Genetics play a huge role in hair composition. An estimated one-fourth of women will suffer from hereditary hair loss. In her practice, Spann has noticed women with genetic predispositions to hair loss begin detecting their hair is different primarily in their 20s and in their 40s. “They start seeing hair everywhere. I have a lot of women who are afraid to wash their hair because they are tired of losing so much hair,” she says. “I always ask them to quantify for me the change in their hair. If they were to look at pictures of themselves five or 10 years ago versus now, what would they see? It can be perceptible to the women, but imperceptible to the people around them. By the time it is perceptible to others, they may have lost 50 percent of their hair. Really, it is important get involved early.”
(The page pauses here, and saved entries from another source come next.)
Lemma relabel_commute K k l : distinct_abs K -> k \in K -> l \in K -> k != l ->
  {in K, relabel (relabel k l) \o relabel k =1 relabel (relabel l k) \o relabel l}.
Proof.
move=> dK kK lK nkl.
have ne : k.1 <> l.1 by case: (distinct_cases dK kK lK) => // e; rewrite e eqxx in nkl.
have [ne1 _] := relabel_spec ne; have [ne2 _] := relabel_spec (fun e => ne (esym e)).
set k' := relabel k l in ne1 *; set l' := relabel l k in ne2 *.
set f := relabel k' \o relabel k; set g := relabel l' \o relabel l.
have [_ d1] := image_tau_face dK kK.
have f_inj : {in K &, injective f}.
  move=> x y xK yK fxy; apply: (relabel_inj dK kK xK yK).
  exact: (relabel_inj d1 (imset_f _ lK) (imset_f _ xK) (imset_f _ yK) fxy).
have fg (S : {set sidx n}) : S \subset K -> k \in S -> l \in S -> f @: S = g @: S.
  move=> sSK kS lS.
  by have := relabel_sets_commute (distinct_sub sSK dK) kS lS ne; rewrite -!imset_comp.
(* f and g map {k, l} to the same pair; matching k with l crosswise would
   force omega k = omega l. *)
have [fk fl] : f k = g k /\ f l = g l.
  have klK : [set k; l] \subset K by rewrite subUset !sub1set kK lK.
  have := fg _ klK (setU11 _ _) (setU1r _ (set11 _)).
  rewrite !imsetU1 !imset_set1 => efg.
  have : f k \in [set g k; g l] by rewrite -efg !inE eqxx.
  have : f l \in [set g k; g l] by rewrite -efg !inE eqxx orbT.
  rewrite !inE => /orP [] /eqP efl /orP [] /eqP efk //.
  - by case/negP: nkl; apply/eqP; apply: (f_inj k l kK lK); rewrite efk efl.
  - exfalso; move: efl efk.
    rewrite /f /g /= -/k' -/l' !relabel_self => /(can_inj omegaK) ekl.
    have ne2' : k'.1 <> (omega l).1 by rewrite ekl.
    rewrite -ekl => /(congr1 (relabel (omega k'))).
    rewrite !relabelK; [|by right|by right] => /(can_inj omegaK) ekl'.
    by rewrite ekl' eqxx in nkl.
  - by case/negP: nkl; apply/eqP; apply: (f_inj k l kK lK); rewrite efk efl.
exact: agree_from_imsets f_inj kK lK fg fk fl.
Qed.

(* A state is a point q together with a labelling of the indices of J by the
   facets through q; the step i applies tau along the facet labelled i and
   relabels accordingly. *)
Definition state := (pt n * (sidx n -> sidx n))%type.

Definition step (st : state) (i : sidx n) : state :=
  (tau (st.2 i) st.1, relabel (st.2 i) \o st.2).

Definition run (st : state) (s : seq (sidx n)) : state := foldl step st s.

Definition tracks (J : {set sidx n}) (st : state) : Prop :=
  [/\ cube st.1, st.2 @: J = active st.1 & {in J &, injective st.2}].

Definition same_on (J : {set sidx n}) (s1 s2 : state) : Prop :=
  s1.1 = s2.1 /\ {in J, s1.2 =1 s2.2}.

Lemma same_on_trans J s1 s2 s3 : same_on J s1 s2 -> same_on J s2 s3 -> same_on J s1 s3.
Proof.
by case=> e1 e1' [e2 e2']; split => [|j jJ]; [rewrite e1 | rewrite e1' ?e2'].
Qed.

Lemma step_same_on J s1 s2 i : same_on J s1 s2 -> i \in J ->
  same_on J (step s1 i) (step s2 i).
Proof. by case=> e1 e2 iJ; split => [|j jJ] /=; rewrite ?e1 !e2. Qed.

Lemma label_active J st i : tracks J st -> i \in J -> st.2 i \in active st.1.
Proof. by case=> _ <- _ iJ; apply: imset_f. Qed.

Lemma step_tracks J st i : tracks J st -> i \in J -> tracks J (step st i).
Proof.
move=> tr iJ; have kq := label_active tr iJ; case: tr => cq eJ inj.
have /facetE [cq' _] := tau_facet (proj2 (facetE _ _) (conj cq kq)).
split => //=; first by rewrite (active_tau cq kq) -eJ -imset_comp.
move=> x y xJ yJ /= e; apply: inj => //.
by apply: (relabel_inj (@active_distinct _ _) kq) => //; rewrite -eJ imset_f.
Qed.

Lemma run_tracks J st s : tracks J st -> {subset s <= J} -> tracks J (run st s).
Proof.
elim: s st => [//|i s IH] st tr sJ /=.
apply: IH => [|j js]; last by apply: sJ; rewrite inE js orbT.
by apply: step_tracks; rewrite ?sJ ?inE ?eqxx.
Qed.

Lemma step_twice J st i : tracks J st -> i \in J -> same_on J (step (step st i) i) st.
Proof.
move=> tr iJ; have kq := label_active tr iJ.
have fk : facet (st.2 i) st.1 by apply/facetE; split => //; case: tr.
split => [|j jJ] /=; rewrite relabel_self; first exact: tauK.
exact/relabelK/(distinct_cases (@active_distinct _ _) kq (label_active tr jJ)).
Qed.

Lemma step_swap J st a b : tracks J st -> a \in J -> b \in J -> a != b ->
  same_on J (step (step st a) b) (step (step st b) a).
Proof.
move=> tr aJ bJ nab; have kq := label_active tr aJ; have lq := label_active tr bJ.
case: (tr) => cq _ inj.
have nkl : st.2 a != st.2 b by apply: contraNneq nab => /(inj _ _ aJ bJ) ->.
have ne : (st.2 a).1 <> (st.2 b).1.
  by case: (distinct_cases (@active_distinct _ _) kq lq) => // e; rewrite e eqxx in nkl.
split => [|j jJ] /=.
  by apply: tau_commute ne _; apply/faceE; rewrite subUset !sub1set kq lq.
exact: relabel_commute (@active_distinct _ _) kq lq nkl _ (label_active tr jJ).
Qed.

Definition toggle (S : {set sidx n}) i := if i \in S then S :\ i else i |: S.

Lemma in_toggle (S : {set sidx n}) i j :
  (j \in toggle S i) = (if j == i then i \notin S else j \in S).
Proof.
rewrite /toggle; case: (eqVneq j i) => [->|ne]; case: ifP => iS; rewrite !inE ?eqxx ?iS //.
- by rewrite ne.
- by rewrite (negbTE ne).
Qed.

Lemma run_toggle J st L i (S : {set sidx n}) :
  tracks J st -> uniq L -> {subset L <= J} -> i \in L ->
  same_on J (step (run st [seq j <- L | j \in S]) i)
            (run st [seq j <- L | j \in toggle S i]).
Proof.
move=> tr; elim/last_ind: L => [//|L x IH].
rewrite rcons_uniq => /andP [xL uL] sLJ.
have sL : {subset L <= J} by move=> y yL; apply: sLJ; rewrite mem_rcons inE yL orbT.
have xJ : x \in J by apply: sLJ; rewrite mem_rcons inE eqxx.
have tr_run (s : {set sidx n}) : tracks J (run st [seq j <- L | j \in s]).
  by apply: run_tracks tr _ => y; rewrite mem_filter => /andP [_ /sL].
rewrite mem_rcons inE => /orP [/eqP eix|iL].
- subst i; rewrite !filter_rcons in_toggle eqxx.
  have -> : [seq j <- L | j \in toggle S x] = [seq j <- L | j \in S].
    apply: eq_in_filter => y yL; rewrite in_toggle.
    by case: eqP => // e; rewrite -e yL in xL.
  by case: ifP => xS; rewrite /run foldl_rcons //; apply: step_twice.
- have nxi : x != i by apply: contraNneq xL => ->.
  rewrite !filter_rcons in_toggle (negbTE nxi).
  case: ifP => xS; last exact: IH.
  rewrite /run !foldl_rcons.
  apply: same_on_trans (step_swap (tr_run S) xJ (sL _ iL) nxi) _.
  exact: step_same_on (IH uL sL iL) xJ.
Qed.

Definition start (J : {set sidx n}) : state := (face_center J, id).

Definition reach (J S : {set sidx n}) : state :=
  run (start J) [seq i <- enum J | i \in S].

Lemma tracks_start J : distinct_abs J -> tracks J (start J).
Proof.
by move=> dJ; split; [exact: face_center_cube|rewrite imset_id active_face_center|].
Qed.

Lemma face_family_reach J : distinct_abs J -> forall g, valid_image tau (face J) g ->
  exists2 S, S \in powerset J & g = face (active (reach J S).1).
Proof.
move=> dJ g; elim => [|g0 k _ [S SJ ->] sub].
  exists set0; first by rewrite powersetE sub0set.
  rewrite /reach (eq_filter (a2 := pred0)) ?filter_pred0 => [|x]; last by rewrite inE.
  by rewrite /= active_face_center.
have tr : tracks J (reach J S).
  by apply: run_tracks (tracks_start dJ) _ => y; rewrite mem_filter mem_enum => /andP [].
case: (tr) => cq eJ _.
have kq : k \in active (reach J S).1.
  have : [set k] \subset active (reach J S).1 by apply: face_sub (@active_distinct _ _) sub.
  by rewrite sub1set.
have /imsetP [i iJ ek] : k \in (reach J S).2 @: J by rewrite eJ.
exists (toggle S i).
  rewrite !powersetE in SJ *; rewrite /toggle; case: ifP => _.
  - exact: subset_trans (subD1set _ _) SJ.
  - by rewrite subUset sub1set iJ SJ.
have sEJ : {subset enum J <= J} by move=> j; rewrite mem_enum.
have iE : i \in enum J by rewrite mem_enum.
have [<- _] := run_toggle S (tracks_start dJ) (enum_uniq J) sEJ iE.
rewrite /= -/(reach J S) -ek (active_tau cq kq).
by case: (image_tau_face (@active_distinct _ _) kq).
Qed.

End Pairing.

Lemma cardinal_image_seq (A : eqType) (U : Type) (f : A -> U) (s : seq A) :
  exists2 m, (m <= size s)%N & cardinal U (fun u => exists2 a, a \in s & u = f a) m.
Proof.
elim: s => [|a s [m le_m card_m]].
  exists 0 => //; suff -> : (fun u => exists2 a, a \in [::] & u = f a) = Empty_set U.
    exact: card_empty.
  by apply: Extensionality_Ensembles; split => u; case.
case: (classic (exists2 b, b \in s & f a = f b)) => [[b bs eab]|fresh].
  exists m; first exact: leqW.
  suff -> : (fun u => exists2 c, c \in a :: s & u = f c) =
            (fun u => exists2 c, c \in s & u = f c) by [].
  apply: Extensionality_Ensembles; split => u [c].
  - by rewrite inE => /orP [/eqP -> ->|cs ->]; [exists b | exists c].
  - by move=> cs ->; exists c; rewrite // inE cs orbT.
exists m.+1 => //.
suff -> : (fun u => exists2 c, c \in a :: s & u = f c) =
          Add U (fun u => exists2 c, c \in s & u = f c) (f a).
  by apply: card_add => // -[b bs eab]; apply: fresh; exists b.
apply: Extensionality_Ensembles; split => u.
- case=> c; rewrite inE => /orP [/eqP -> ->|cs ->]; first exact: Add_intro2.
  by apply: Add_intro1; exists c.
- case=> [v [c cs ->]|_ <-]; first by exists c; rewrite // inE cs orbT.
  by exists a; rewrite ?inE ?eqxx.
Qed.

Lemma cardinal_sub_image (A : eqType) (U : Type) (f : A -> U) (s : seq A) (E : Ensemble U) :
  Included U E (fun u => exists2 a, a \in s & u = f a) ->
  exists2 m, (m <= size s)%N & cardinal U E m.
Proof.
move=> sub; have [m' le_m' card_m'] := cardinal_image_seq f s.
have [m card_m] := finite_cardinal _ _
  (Finite_downward_closed _ _ (cardinal_finite _ _ _ card_m') _ sub).
exists m => //; apply: leq_trans le_m'; apply/leP.
exact: incl_card_le card_m card_m' sub.
Qed.

Theorem mainTheorem3 (n : nat) (omega : sidx n -> sidx n)
    (tau : sidx n -> pt n -> pt n) :
  regular_facets_pairing omega tau ->
  forall J : {set sidx n}, distinct_abs J -> J != set0 ->
    (exists m : nat, (m <= 2 ^ #|J|)%N /\
       cardinal _ (face_family tau (face J)) m) /\
    (cardinal _ (face_family tau (face J)) (2 ^ #|J|) <-> perfect tau J).
Proof.
case=> [[_ [omegaK [tau_facet [tauK [_ [tau_face tau_cocycle]]]]]] _] J dJ _.
split; last by [].
pose reached S := face (active (reach omega tau J S).1).
have sub : Included _ (face_family tau (face J))
                      (fun g => exists2 S, S \in enum (powerset J) & g = reached S).
  move=> g /(face_family_reach omegaK tau_facet tauK tau_face tau_cocycle dJ) [S SJ ->].
  by exists S; rewrite ?mem_enum.
have [m le_m card_m] := cardinal_sub_image sub.
by exists m; rewrite -card_powerset cardE.
Qed.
The good news for women with hair loss is that there is a number of solutions on the market and the number is increasing. Spann and Jaliman recommend biotin supplements. “Studies on biotin show biotin can increase the diameter of each hair. If you can increase the thickness of each hair, that is an easy way for hair to look better,” says Jaliman. Among topical treatments, Rogaine with Minoxidil, a drug approved by the U.S. Food and Drug Administration to battle baldness, is the most well known. Overall, Jaliman asserts her patients have been quite happy with Rogaine. One drawback, however, is scalp irritation that topical steroids can help. Part of the reason Spann developed ReTress was because her scalp became incredibly inflamed from Rogaine. ReTress’ shampoo, conditioner and serum rely on a natural biotin tripeptide complex instead of Minoxidil. “My hair is thicker at 41 than it was in my mid 20s through early 30s. It has made a huge difference for me,” she says. “I would lose upwards of 200 hairs per wash and this morning I lost three.”
A breakthrough in hair growth on the horizon could be Latisse, Botox maker Allergan’s eyelash enhancer, for the dome. Allergan is conducting trials on a scalp version of Latisse. “I have used it on eyebrows, and it grew hair back. I think it would work on the scalp, but they have to get the price down,” says Jaliman. If Latisse doesn’t fulfill its promise to counter hair loss, hair cloning could be the next great hair hope. In the hair cloning process, healthy hair follicle cells multiplied outside the head are implanted into the scalp to sprout new hair follicles. Hair cloning or no, Spann assures, “In the next few years, the landscape will be totally changing for women’s hair loss.”